Task directions:
Within the listing below, how many lines hold the string "vnorm"? Only the number is wanted.

Data shown:
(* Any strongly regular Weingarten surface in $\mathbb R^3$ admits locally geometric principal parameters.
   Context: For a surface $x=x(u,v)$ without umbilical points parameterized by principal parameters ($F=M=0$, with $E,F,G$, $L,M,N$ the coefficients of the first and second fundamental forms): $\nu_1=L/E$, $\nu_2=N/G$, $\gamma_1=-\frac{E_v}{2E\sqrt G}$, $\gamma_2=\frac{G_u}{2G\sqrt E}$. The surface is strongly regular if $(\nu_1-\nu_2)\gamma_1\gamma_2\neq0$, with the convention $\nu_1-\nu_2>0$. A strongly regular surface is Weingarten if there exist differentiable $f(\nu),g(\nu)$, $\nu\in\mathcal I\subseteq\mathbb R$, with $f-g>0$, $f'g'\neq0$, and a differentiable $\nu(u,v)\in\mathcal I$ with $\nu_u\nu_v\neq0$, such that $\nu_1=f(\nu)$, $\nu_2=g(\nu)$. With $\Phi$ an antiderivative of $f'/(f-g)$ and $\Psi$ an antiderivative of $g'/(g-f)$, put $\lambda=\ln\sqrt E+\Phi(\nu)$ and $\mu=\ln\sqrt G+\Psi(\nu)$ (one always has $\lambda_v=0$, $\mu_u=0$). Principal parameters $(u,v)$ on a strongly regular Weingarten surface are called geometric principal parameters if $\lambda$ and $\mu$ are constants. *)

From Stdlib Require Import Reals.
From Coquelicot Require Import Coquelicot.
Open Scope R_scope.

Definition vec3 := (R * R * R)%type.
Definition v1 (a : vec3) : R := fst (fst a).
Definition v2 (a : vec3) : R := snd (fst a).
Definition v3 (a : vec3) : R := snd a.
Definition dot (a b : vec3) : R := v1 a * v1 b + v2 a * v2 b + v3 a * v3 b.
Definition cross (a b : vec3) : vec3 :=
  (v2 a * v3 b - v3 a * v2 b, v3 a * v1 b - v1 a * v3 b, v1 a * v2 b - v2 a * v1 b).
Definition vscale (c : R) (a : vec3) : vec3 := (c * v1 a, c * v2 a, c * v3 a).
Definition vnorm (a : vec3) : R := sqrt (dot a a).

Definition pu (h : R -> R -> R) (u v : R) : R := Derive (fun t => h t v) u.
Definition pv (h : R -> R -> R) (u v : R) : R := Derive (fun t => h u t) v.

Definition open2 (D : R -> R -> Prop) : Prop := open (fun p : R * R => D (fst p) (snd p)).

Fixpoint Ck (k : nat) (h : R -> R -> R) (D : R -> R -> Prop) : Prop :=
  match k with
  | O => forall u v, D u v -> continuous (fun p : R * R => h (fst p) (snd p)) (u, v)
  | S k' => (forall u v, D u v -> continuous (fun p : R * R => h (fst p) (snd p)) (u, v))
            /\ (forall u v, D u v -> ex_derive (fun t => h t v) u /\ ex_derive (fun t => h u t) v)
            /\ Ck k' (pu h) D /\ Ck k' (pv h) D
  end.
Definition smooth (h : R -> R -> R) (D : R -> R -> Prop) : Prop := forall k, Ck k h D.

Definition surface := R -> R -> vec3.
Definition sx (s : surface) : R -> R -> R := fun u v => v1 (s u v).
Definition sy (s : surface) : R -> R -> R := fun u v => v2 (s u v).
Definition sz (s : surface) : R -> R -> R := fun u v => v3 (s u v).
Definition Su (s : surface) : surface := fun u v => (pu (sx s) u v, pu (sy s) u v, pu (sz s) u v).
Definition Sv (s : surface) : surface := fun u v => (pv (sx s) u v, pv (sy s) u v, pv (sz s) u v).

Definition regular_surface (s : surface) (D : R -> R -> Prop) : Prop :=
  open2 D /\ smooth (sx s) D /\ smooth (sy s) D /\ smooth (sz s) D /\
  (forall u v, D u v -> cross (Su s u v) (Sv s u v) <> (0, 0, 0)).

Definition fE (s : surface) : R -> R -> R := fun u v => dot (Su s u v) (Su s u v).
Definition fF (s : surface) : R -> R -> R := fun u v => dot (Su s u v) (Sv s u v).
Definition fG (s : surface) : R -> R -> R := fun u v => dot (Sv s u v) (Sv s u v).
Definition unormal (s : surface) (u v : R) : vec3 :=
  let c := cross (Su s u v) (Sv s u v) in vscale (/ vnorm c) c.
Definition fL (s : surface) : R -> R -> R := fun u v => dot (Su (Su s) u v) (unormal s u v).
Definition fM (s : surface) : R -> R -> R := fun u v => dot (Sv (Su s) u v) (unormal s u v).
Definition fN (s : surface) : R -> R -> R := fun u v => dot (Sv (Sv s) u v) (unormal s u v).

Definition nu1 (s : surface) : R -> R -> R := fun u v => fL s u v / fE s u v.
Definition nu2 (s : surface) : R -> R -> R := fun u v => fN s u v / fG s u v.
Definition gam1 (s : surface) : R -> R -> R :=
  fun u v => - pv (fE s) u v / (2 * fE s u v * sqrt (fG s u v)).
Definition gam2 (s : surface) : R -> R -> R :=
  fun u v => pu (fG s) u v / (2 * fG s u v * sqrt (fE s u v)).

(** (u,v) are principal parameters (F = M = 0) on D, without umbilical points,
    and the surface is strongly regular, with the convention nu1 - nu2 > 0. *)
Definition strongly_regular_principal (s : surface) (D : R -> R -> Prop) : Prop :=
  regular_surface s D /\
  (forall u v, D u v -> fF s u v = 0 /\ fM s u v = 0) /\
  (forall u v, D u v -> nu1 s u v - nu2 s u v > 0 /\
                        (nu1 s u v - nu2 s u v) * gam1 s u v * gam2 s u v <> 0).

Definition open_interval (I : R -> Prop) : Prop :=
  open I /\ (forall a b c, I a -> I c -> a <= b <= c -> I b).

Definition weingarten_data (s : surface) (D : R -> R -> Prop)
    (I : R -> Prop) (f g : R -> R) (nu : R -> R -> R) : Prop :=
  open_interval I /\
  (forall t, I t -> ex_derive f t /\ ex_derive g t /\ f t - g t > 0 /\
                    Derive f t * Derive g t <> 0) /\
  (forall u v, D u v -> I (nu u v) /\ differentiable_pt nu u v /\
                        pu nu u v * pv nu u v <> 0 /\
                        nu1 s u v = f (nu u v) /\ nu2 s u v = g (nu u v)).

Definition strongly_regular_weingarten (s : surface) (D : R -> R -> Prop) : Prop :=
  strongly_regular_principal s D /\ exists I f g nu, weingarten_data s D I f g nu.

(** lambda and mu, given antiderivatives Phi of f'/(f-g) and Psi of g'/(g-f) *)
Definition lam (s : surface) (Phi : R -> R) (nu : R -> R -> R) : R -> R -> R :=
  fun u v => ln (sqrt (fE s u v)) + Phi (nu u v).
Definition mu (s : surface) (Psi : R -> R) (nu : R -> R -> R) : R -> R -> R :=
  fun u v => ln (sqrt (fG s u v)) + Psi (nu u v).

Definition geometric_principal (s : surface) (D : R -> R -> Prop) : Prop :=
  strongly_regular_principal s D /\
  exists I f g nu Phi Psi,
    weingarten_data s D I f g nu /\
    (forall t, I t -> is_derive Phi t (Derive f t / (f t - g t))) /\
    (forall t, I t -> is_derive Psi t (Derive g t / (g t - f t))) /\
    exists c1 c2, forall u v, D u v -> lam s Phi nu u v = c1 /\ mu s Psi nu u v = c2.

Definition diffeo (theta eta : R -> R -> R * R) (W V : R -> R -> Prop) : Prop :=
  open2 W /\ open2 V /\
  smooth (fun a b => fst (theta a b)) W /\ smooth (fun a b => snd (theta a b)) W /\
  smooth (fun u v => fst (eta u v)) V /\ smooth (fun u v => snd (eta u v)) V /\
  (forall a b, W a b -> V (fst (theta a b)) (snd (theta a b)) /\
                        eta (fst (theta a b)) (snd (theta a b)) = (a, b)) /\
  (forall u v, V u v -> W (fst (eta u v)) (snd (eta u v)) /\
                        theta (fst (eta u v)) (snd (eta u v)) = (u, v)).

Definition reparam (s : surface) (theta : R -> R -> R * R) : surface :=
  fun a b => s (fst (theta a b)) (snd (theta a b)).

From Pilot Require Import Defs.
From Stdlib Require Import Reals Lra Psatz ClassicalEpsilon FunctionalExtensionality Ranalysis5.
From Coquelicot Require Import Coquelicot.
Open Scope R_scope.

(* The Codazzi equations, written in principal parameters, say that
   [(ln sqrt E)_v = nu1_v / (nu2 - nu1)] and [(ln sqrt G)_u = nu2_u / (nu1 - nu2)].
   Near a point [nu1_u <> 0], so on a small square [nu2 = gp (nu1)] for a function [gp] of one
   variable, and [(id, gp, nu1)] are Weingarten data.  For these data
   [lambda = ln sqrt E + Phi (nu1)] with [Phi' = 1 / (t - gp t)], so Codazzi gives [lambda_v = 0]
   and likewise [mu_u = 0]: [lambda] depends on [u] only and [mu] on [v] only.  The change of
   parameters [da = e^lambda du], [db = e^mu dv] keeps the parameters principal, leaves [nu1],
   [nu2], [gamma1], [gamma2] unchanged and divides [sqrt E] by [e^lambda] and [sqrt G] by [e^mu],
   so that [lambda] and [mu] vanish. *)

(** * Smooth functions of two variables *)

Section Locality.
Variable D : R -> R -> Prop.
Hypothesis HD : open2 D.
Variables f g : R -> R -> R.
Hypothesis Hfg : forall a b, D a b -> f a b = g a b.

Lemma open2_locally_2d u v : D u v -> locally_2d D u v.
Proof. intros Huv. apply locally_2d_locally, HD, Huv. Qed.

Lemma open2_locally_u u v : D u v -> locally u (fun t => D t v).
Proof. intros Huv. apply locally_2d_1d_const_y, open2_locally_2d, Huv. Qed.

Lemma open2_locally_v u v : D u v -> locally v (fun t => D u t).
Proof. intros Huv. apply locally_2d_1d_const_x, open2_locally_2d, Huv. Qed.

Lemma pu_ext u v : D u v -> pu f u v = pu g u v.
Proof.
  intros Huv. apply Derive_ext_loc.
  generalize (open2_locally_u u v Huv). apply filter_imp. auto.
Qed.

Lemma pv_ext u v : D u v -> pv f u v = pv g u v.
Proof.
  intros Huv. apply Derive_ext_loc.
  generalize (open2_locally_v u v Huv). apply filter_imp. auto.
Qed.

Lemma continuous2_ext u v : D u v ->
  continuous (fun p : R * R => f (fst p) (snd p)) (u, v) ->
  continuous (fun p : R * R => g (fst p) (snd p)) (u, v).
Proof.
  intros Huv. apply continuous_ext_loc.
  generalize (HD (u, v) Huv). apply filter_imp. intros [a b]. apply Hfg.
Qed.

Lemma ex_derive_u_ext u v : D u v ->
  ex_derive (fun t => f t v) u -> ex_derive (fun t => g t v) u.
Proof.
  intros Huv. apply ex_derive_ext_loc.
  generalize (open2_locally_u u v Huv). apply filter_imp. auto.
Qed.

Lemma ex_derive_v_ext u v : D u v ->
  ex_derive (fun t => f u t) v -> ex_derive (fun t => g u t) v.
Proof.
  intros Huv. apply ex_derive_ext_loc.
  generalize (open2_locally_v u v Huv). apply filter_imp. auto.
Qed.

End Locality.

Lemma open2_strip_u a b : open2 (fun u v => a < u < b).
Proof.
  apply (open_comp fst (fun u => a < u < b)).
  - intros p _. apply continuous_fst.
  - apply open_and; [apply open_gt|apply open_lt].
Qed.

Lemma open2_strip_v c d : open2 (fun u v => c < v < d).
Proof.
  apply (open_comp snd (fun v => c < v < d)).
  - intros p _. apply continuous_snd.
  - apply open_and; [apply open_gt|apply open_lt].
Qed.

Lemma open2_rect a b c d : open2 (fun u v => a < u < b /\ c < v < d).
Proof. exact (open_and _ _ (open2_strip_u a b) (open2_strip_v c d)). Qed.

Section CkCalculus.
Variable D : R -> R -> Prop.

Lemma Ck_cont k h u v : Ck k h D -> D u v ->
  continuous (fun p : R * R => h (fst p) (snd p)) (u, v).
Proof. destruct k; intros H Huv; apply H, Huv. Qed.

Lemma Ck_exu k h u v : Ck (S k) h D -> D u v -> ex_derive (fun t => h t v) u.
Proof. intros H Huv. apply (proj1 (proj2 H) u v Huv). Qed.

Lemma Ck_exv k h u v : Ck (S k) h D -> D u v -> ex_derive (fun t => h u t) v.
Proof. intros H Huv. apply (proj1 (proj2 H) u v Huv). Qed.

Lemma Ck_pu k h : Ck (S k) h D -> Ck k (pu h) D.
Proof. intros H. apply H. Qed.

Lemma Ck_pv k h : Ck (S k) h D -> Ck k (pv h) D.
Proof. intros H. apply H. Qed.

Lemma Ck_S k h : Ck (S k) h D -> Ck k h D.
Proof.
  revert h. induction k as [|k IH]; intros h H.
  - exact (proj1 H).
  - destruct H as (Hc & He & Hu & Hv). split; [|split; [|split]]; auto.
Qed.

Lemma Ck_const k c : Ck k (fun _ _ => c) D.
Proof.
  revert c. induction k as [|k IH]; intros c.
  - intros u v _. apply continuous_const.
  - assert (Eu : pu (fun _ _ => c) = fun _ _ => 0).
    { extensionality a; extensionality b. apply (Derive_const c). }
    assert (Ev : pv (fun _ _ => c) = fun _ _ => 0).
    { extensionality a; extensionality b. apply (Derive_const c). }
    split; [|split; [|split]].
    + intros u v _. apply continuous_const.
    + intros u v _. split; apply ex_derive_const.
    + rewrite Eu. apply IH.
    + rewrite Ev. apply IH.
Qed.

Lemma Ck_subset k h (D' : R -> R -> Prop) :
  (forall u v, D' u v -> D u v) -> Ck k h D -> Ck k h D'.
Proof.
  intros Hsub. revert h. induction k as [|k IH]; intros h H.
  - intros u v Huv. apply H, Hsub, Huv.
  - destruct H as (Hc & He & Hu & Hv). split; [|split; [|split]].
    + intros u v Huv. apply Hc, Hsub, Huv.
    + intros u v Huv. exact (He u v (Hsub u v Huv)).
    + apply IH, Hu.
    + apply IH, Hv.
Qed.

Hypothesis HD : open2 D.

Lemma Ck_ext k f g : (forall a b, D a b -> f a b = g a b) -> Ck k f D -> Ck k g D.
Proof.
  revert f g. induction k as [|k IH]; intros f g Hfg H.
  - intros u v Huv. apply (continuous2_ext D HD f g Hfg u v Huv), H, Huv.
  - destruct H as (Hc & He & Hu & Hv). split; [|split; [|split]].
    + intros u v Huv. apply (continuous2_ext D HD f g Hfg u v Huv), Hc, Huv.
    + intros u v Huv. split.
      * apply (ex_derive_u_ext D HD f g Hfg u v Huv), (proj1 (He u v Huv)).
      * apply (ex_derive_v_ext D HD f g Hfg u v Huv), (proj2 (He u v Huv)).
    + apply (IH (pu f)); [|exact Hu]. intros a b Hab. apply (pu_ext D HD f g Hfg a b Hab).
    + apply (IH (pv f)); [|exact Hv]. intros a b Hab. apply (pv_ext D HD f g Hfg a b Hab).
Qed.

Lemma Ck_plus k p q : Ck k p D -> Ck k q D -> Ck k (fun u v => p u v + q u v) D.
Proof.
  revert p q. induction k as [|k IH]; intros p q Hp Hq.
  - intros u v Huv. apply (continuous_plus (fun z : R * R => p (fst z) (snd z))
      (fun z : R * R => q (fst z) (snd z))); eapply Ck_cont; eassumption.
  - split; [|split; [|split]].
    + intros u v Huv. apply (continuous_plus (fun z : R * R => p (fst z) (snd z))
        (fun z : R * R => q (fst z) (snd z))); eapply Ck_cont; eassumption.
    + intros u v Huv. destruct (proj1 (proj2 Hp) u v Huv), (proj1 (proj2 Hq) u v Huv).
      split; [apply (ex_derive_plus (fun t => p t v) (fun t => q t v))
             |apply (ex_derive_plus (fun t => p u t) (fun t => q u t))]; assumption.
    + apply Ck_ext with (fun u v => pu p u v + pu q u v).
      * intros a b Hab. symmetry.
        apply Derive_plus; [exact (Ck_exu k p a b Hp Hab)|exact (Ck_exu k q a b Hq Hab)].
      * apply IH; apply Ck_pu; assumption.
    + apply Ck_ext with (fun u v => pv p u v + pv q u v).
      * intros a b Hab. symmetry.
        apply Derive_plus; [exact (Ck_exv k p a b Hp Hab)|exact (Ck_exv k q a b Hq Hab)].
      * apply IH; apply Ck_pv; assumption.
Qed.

Result for this exercise:
2